TASK REQUIREMENTS:
Beginning at the line containing "- destruct (Req_dec (q" in the material below and ending at the line containing "- intros a u _.", return each line exactly and add nothing.

TASK INPUT:
Segment Open

Definition Hw : R := sumR k (fun t => hb (pw t)).

Lemma joint_nonneg a u : 0 <= joint a u.
Proof. apply Rmult_le_pos; [auto | apply chan_nonneg, pw_unit]. Qed.

Lemma out_nonneg a : 0 <= out a.
Proof. apply lsum_nonneg. intros; apply joint_nonneg. Qed.

Lemma out_sum1 : lsum (all_vecs k) out = 1.
Proof.
  unfold out, joint. rewrite lsum_swap, <- Hq1. apply lsum_ext. intros u _.
  rewrite lsum_scal, chan_sum1. ring.
Qed.

(* P(a) is an average of chan(a|.), hence lies between rho and pi. *)
Lemma out_bounds a : rho <= out a <= pi.
Proof.
  unfold out, joint. rewrite <- (Rmult_1_l rho), <- (Rmult_1_l pi), <- Hq1, <- !lsum_scalr.
  split; apply lsum_le; intros u _; apply Rmult_le_compat_l; auto; apply chan_bounds.
Qed.

Lemma joint_xlnx :
  lsum (all_vecs k) (fun a => lsum (all_vecs k) (fun u => joint a u * ln (joint a u)))
  = - (Ent (all_vecs k) q + Hw).
Proof.
  rewrite lsum_swap. unfold Ent, Hw, joint.
  rewrite (lsum_ext _ _ (fun u => q u * ln (q u) + q u * (- sumR k (fun t => hb (pw t))))).
  - rewrite lsum_plus, lsum_scalr, Hq1. ring.
  - intros u _.
    rewrite (lsum_ext _ _ (fun a => q u * ln (q u) * chan k pw a u
                                   + q u * (chan k pw a u * ln (chan k pw a u))))
      by (intros; apply xlnx_mult; [auto | apply chan_nonneg, pw_unit]).
    rewrite lsum_plus, !lsum_scal, chan_sum1, chan_row_xlnx by apply pw_unit. ring.
Qed.

Lemma Ent_out :
  Ent (all_vecs k) out = Ent (all_vecs k) q + Hw - cond_ent (all_vecs k) (all_vecs k) joint.
Proof.
  rewrite cond_ent_split, joint_xlnx by (intros; apply joint_nonneg). unfold out. ring.
Qed.

Lemma Ent_out_le_joint : Ent (all_vecs k) out <= Ent (all_vecs k) q + Hw.
Proof.
  rewrite Ent_out. assert (0 <= cond_ent (all_vecs k) (all_vecs k) joint)
    by (apply cond_ent_nonneg; intros; apply joint_nonneg). lra.
Qed.

Lemma Ent_out_le_rho : (forall t, (t < k)%nat -> pw t < 1) ->
  Ent (all_vecs k) out <= - sumR k (fun t => ln (1 - pw t)).
Proof.
  intro Hlt.
  assert (Hpos : forall t, In t (seq 0 k) -> 0 < 1 - pw t)
    by (intros t Ht; apply in_seq in Ht; specialize (Hlt t ltac:(lia)); lra).
  rewrite sumR_lsum, <- ln_lprod by exact Hpos. fold (rho).
  apply Ent_le_of_ge; [apply out_sum1 | now apply lprod_pos | apply out_bounds].
Qed.

Lemma Ent_out_ge_pi : - sumR k (fun t => ln (pw t)) <= Ent (all_vecs k) out.
Proof.
  assert (Hpos : forall t, In t (seq 0 k) -> 0 < pw t)
    by (intros t Ht; apply in_seq in Ht; specialize (Hpw t ltac:(lia)); lra).
  rewrite sumR_lsum, <- ln_lprod by exact Hpos. fold (pi).
  apply Ent_ge_of_le; [apply out_nonneg | apply out_sum1 | apply pi_bounds | apply out_bounds].
Qed.

(** Fano-type bounds on H(U|A) *)

Lemma offdiag_support a u : In a (all_vecs k) -> In u (all_vecs k) -> u <> a ->
  0 < joint a u -> 0 < q u /\ 0 < 1 - pi.
Proof.
  intros Ha Hu Hua HJ. unfold joint in HJ.
  assert (0 <= chan k pw a u) by (apply chan_nonneg, pw_unit).
  assert (chan k pw a u <= 1 - pi) by (apply chan_offdiag_le; auto).
  specialize (Hq0 u). split.
  - destruct (Req_dec (q u) 0) as [E|E]; [rewrite E in HJ|]; lra.
  - destruct (Req_dec (chan k pw a u) 0) as [E|E]; [rewrite E in HJ|]; lra.
Qed.

Lemma offdiag_mass :
  lsum (all_vecs k) (fun a => lsum (all_vecs k) (fun u => if veq u a then 0 else joint a u))
  = 1 - pi.
Proof.
  rewrite lsum_swap, <- (Rmult_1_l (1 - pi)). rewrite <- Hq1 at 1. rewrite <- lsum_scalr.
  apply lsum_ext. intros u Hu. rewrite <- (chan_offdiag_sum u Hu), <- lsum_scal.
  apply lsum_ext. intros a _. unfold joint. destruct veq; ring.
Qed.

Lemma cond_ent_le_offdiag (d : list bool -> list bool -> R) :
  (forall a u, 0 <= d a u) ->
  (forall a, In a (all_vecs k) ->
     lsum (all_vecs k) (fun u => if veq u a then pi else d a u) <= 1) ->
  (forall a u, In a (all_vecs k) -> In u (all_vecs k) -> u <> a -> 0 < joint a u -> 0 < d a u) ->
  cond_ent (all_vecs k) (all_vecs k) joint <=
  - (pi * ln pi) + lsum (all_vecs k) (fun a => lsum (all_vecs k)
                     (fun u => if veq u a then 0 else joint a u * - ln (d a u))).
Proof.
  intros Hd0 Hd1 Hdpos. assert (Hpi := pi_bounds).
  set (c := fun a u => if veq u a then pi else d a u).
  eapply Rle_trans; [apply (cond_ent_gibbs _ _ _ (fun a u _ => joint_nonneg a u) c)|].
  - intros a u _. unfold c. destruct veq; [lra | auto].
  - exact Hd1.
  - intros a u Ha Hu HJ. unfold c. destruct veq as [->|ne]; [lra | auto].
  - assert (Hrow : forall a, In a (all_vecs k) ->
      lsum (all_vecs k) (fun u => joint a u * - ln (c a u))
      = q a * - (pi * ln pi)
        + lsum (all_vecs k) (fun u => if veq u a then 0 else joint a u * - ln (d a u))).
    { intros a Ha.
      replace (q a * - (pi * ln pi)) with (joint a a * - ln pi)
        by (unfold joint; rewrite chan_diag; ring).
      rewrite <- (lsum_pick veq (all_vecs k) a (fun u => joint a u * - ln pi))
        by auto using nodup_all_vecs.
      rewrite <- lsum_plus. apply lsum_ext. intros u _. unfold c. destruct veq; ring. }
    rewrite (lsum_ext _ _ _ Hrow), lsum_plus, lsum_scalr, Hq1. lra.
Qed.

(* Fano with a uniform guess among the 2^k - 1 wrong answer vectors. *)
Lemma fano_uniform : (1 <= k)%nat ->
  cond_ent (all_vecs k) (all_vecs k) joint <= hb pi + (1 - pi) * ln (2 ^ k - 1).
Proof.
  intro Hk. assert (Hpi := pi_bounds).
  assert (H2k : 2 ^ 1 <= 2 ^ k) by (apply Rle_pow; [lra | lia]).
  assert (HN : 1 <= 2 ^ k - 1) by (simpl in H2k; lra).
  set (d := (1 - pi) / (2 ^ k - 1)).
  assert (Hd : 0 <= d) by (apply Rmult_le_pos; [lra | left; apply Rinv_0_lt_compat; lra]).
  eapply Rle_trans; [apply (cond_ent_le_offdiag (fun _ _ => d))|].
  - intros; exact Hd.
  - intros a Ha. right.
    rewrite (lsum_ext _ _ (fun u => (if veq u a then pi - d else 0) + d))
      by (intros; destruct veq; ring).
    rewrite lsum_plus, (lsum_pick veq _ a (fun _ => pi - d)) by auto using nodup_all_vecs.
    rewrite lsum_const, length_all_vecs, pow_INR. replace (INR 2) with 2 by (simpl; ring).
    unfold d. field. lra.
  - intros a u Ha Hu Hua HJ. destruct (offdiag_support a u Ha Hu Hua HJ).
    apply Rdiv_lt_0_compat; lra.
  - rewrite (lsum_ext _ _ (fun a => lsum (all_vecs k)
        (fun u => if veq u a then 0 else joint a u) * - ln d)).
    2: { intros a _. rewrite <- lsum_scalr. apply lsum_ext. intros; destruct veq; ring. }
    rewrite lsum_scalr, offdiag_mass. unfold hb, d.
    destruct (Req_dec pi 1) as [E|E].
    + rewrite E. right. ring.
    + unfold Rdiv. rewrite ln_mult, ln_Rinv by (try apply Rinv_0_lt_compat; lra). right. ring.
Qed.

(* Fano with a guess proportional to the prior q. *)
Lemma fano_input :
  cond_ent (all_vecs k) (all_vecs k) joint <= hb pi + (1 - pi) * Ent (all_vecs k) q.
Proof.
  assert (Hpi := pi_bounds).
  eapply Rle_trans; [apply (cond_ent_le_offdiag (fun _ u => (1 - pi) * q u))|].
  - intros; apply Rmult_le_pos; auto; lra.
  - intros a Ha.
    apply Rle_trans with
      (lsum (all_vecs k) (fun u => (if veq u a then pi else 0) + (1 - pi) * q u)).
    + apply lsum_le. intros u _.
      assert (0 <= (1 - pi) * q u) by (apply Rmult_le_pos; auto; lra). destruct veq; lra.
    + rewrite lsum_plus, (lsum_pick veq _ a (fun _ => pi)), lsum_scal, Hq1
        by auto using nodup_all_vecs. lra.
  - intros a u Ha Hu Hua HJ. destruct (offdiag_support a u Ha Hu Hua HJ).
    apply Rmult_lt_0_compat; lra.
  - assert (Hpt : forall a u, In a (all_vecs k) -> In u (all_vecs k) ->
      (if veq u a then 0 else joint a u * - ln ((1 - pi) * q u))
      = (if veq u a then 0 else joint a u) * - ln (1 - pi)
        + (if veq u a then 0 else chan k pw a u) * - (q u * ln (q u))).
    { intros a u Ha Hu. destruct veq as [|ne]; [ring|].
      replace (chan k pw a u * - (q u * ln (q u))) with (joint a u * - ln (q u))
        by (unfold joint; ring).
      destruct (Req_dec (joint a u) 0) as [E|E]; [rewrite E; ring|].
      assert (0 <= joint a u) by apply joint_nonneg.
      destruct (offdiag_support a u Ha Hu ne ltac:(lra)).
      rewrite ln_mult by lra. ring. }
    rewrite (lsum_ext _ _ (fun a =>
        lsum (all_vecs k) (fun u => if veq u a then 0 else joint a u) * - ln (1 - pi)
        + lsum (all_vecs k)
            (fun u => (if veq u a then 0 else chan k pw a u) * - (q u * ln (q u))))).
    2: { intros a Ha. rewrite <- lsum_scalr, <- lsum_plus. apply lsum_ext. intros u Hu.
         now apply Hpt. }
    rewrite lsum_plus, lsum_scalr, offdiag_mass, lsum_swap.
    rewrite (lsum_ext _ _ (fun u => (1 - pi) * - (q u * ln (q u)))).
    2: { intros u Hu. rewrite lsum_scalr, chan_offdiag_sum by auto. reflexivity. }
    rewrite lsum_scal, lsum_opp. unfold Ent, hb. right. ring.
Qed.

Lemma fano : (1 <= k)%nat ->
  cond_ent (all_vecs k) (all_vecs k) joint
  <= hb pi + (1 - pi) * Rmin (ln (2 ^ k - 1)) (Ent (all_vecs k) q).
Proof.
  intro Hk. unfold Rmin. destruct Rle_dec; [now apply fano_uniform | apply fano_input].
Qed.

Lemma Ent_out_ge_fano : (1 <= k)%nat ->
  Ent (all_vecs k) q + Hw - hb pi - (1 - pi) * Rmin (ln (2 ^ k - 1)) (Ent (all_vecs k) q)
  <= Ent (all_vecs k) out.
Proof. intro Hk. rewrite Ent_out. assert (H := fano Hk). lra. Qed.

End Output.

End Channel.

Lemma indic_nth {C : Type} k (c : nat -> C) mj t :
  (t < k)%nat -> nth t (indic k c mj) false = mj (c t).
Proof.
  intro Ht. unfold indic. rewrite nth_indep with (d' := mj (c 0%nat)).
  - rewrite (map_nth (fun t => mj (c t))), seq_nth; auto.
  - now rewrite length_map, length_seq.
Qed.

Segment Closed

TASK SOLUTION:
  - destruct (Req_dec (q u) 0) as [E|E]; [rewrite E in HJ|]; lra.
  - destruct (Req_dec (chan k pw a u) 0) as [E|E]; [rewrite E in HJ|]; lra.
Qed.

Lemma offdiag_mass :
  lsum (all_vecs k) (fun a => lsum (all_vecs k) (fun u => if veq u a then 0 else joint a u))
  = 1 - pi.
Proof.
  rewrite lsum_swap, <- (Rmult_1_l (1 - pi)). rewrite <- Hq1 at 1. rewrite <- lsum_scalr.
  apply lsum_ext. intros u Hu. rewrite <- (chan_offdiag_sum u Hu), <- lsum_scal.
  apply lsum_ext. intros a _. unfold joint. destruct veq; ring.
Qed.

Lemma cond_ent_le_offdiag (d : list bool -> list bool -> R) :
  (forall a u, 0 <= d a u) ->
  (forall a, In a (all_vecs k) ->
     lsum (all_vecs k) (fun u => if veq u a then pi else d a u) <= 1) ->
  (forall a u, In a (all_vecs k) -> In u (all_vecs k) -> u <> a -> 0 < joint a u -> 0 < d a u) ->
  cond_ent (all_vecs k) (all_vecs k) joint <=
  - (pi * ln pi) + lsum (all_vecs k) (fun a => lsum (all_vecs k)
                     (fun u => if veq u a then 0 else joint a u * - ln (d a u))).
Proof.
  intros Hd0 Hd1 Hdpos. assert (Hpi := pi_bounds).
  set (c := fun a u => if veq u a then pi else d a u).
  eapply Rle_trans; [apply (cond_ent_gibbs _ _ _ (fun a u _ => joint_nonneg a u) c)|].
  - intros a u _. unfold c. destruct veq; [lra | auto].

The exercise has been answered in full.